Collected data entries
════════

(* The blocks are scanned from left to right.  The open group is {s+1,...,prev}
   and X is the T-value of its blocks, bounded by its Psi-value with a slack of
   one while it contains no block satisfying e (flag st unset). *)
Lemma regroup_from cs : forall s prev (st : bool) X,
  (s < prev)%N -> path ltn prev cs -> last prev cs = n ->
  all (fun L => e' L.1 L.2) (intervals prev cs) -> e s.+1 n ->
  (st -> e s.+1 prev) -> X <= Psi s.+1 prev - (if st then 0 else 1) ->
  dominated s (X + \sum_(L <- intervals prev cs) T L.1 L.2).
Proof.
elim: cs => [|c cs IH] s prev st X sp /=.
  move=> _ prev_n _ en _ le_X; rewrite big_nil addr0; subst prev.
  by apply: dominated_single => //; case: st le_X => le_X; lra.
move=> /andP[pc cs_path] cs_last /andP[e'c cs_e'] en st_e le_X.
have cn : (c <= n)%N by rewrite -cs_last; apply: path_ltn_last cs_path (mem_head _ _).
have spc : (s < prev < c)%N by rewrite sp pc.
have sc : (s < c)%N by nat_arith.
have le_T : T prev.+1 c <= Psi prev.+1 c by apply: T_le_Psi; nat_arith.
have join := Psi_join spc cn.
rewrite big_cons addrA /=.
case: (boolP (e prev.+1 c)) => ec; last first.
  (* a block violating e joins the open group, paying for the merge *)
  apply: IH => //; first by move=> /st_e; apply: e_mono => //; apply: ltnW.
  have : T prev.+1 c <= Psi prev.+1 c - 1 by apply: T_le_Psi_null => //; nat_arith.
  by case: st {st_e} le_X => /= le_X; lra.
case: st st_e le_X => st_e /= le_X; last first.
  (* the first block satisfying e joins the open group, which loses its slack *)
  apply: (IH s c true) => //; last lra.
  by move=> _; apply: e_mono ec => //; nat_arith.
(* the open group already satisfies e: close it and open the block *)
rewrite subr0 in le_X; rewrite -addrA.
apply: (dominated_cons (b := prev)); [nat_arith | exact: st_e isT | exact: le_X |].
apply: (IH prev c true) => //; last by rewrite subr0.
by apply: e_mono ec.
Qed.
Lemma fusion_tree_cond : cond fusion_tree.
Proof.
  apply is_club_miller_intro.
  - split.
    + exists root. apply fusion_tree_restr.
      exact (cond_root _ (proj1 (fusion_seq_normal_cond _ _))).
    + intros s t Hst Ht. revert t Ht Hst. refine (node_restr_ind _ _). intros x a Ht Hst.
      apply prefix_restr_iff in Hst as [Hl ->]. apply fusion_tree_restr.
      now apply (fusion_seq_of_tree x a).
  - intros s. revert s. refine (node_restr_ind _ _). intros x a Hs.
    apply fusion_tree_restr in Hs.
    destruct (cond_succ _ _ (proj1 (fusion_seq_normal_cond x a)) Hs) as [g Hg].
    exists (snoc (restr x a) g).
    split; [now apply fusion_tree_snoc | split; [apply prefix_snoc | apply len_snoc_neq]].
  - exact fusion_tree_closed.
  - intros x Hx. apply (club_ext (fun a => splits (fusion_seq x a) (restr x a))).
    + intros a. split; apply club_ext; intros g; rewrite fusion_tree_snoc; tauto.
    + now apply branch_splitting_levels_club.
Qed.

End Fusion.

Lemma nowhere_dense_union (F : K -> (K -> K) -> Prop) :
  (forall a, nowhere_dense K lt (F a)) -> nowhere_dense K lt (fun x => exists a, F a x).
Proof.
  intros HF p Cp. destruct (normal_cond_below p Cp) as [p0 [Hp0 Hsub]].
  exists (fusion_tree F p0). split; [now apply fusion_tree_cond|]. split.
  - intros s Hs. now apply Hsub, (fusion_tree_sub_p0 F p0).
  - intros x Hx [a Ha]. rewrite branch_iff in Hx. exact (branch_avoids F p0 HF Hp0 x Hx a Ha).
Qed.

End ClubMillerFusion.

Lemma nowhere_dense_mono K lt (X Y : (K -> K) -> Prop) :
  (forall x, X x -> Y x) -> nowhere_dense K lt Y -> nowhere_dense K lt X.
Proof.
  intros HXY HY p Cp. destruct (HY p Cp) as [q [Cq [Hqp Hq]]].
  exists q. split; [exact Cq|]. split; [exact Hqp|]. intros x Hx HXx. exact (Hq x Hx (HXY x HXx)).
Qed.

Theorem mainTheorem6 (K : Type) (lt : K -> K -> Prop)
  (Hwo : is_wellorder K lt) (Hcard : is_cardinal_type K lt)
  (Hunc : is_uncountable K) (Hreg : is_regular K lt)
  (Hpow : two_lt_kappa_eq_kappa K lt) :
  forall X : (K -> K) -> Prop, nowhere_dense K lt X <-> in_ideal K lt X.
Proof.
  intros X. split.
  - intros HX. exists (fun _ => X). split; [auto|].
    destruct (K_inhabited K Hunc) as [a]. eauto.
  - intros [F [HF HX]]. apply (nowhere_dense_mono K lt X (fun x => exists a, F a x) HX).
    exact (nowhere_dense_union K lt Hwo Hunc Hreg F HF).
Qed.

════════

YOUR TASK: Starting with the line that holds "exists (fusion_tree F" and ending with the line that holds "Theorem mainTheorem6 (K", retype every line in the data above exactly, and nothing else.

SOLUTION TO THIS EXERCISE:
  exists (fusion_tree F p0). split; [now apply fusion_tree_cond|]. split.
  - intros s Hs. now apply Hsub, (fusion_tree_sub_p0 F p0).
  - intros x Hx [a Ha]. rewrite branch_iff in Hx. exact (branch_avoids F p0 HF Hp0 x Hx a Ha).
Qed.

End ClubMillerFusion.

Lemma nowhere_dense_mono K lt (X Y : (K -> K) -> Prop) :
  (forall x, X x -> Y x) -> nowhere_dense K lt Y -> nowhere_dense K lt X.
Proof.
  intros HXY HY p Cp. destruct (HY p Cp) as [q [Cq [Hqp Hq]]].
  exists q. split; [exact Cq|]. split; [exact Hqp|]. intros x Hx HXx. exact (Hq x Hx (HXY x HXx)).
Qed.

Theorem mainTheorem6 (K : Type) (lt : K -> K -> Prop)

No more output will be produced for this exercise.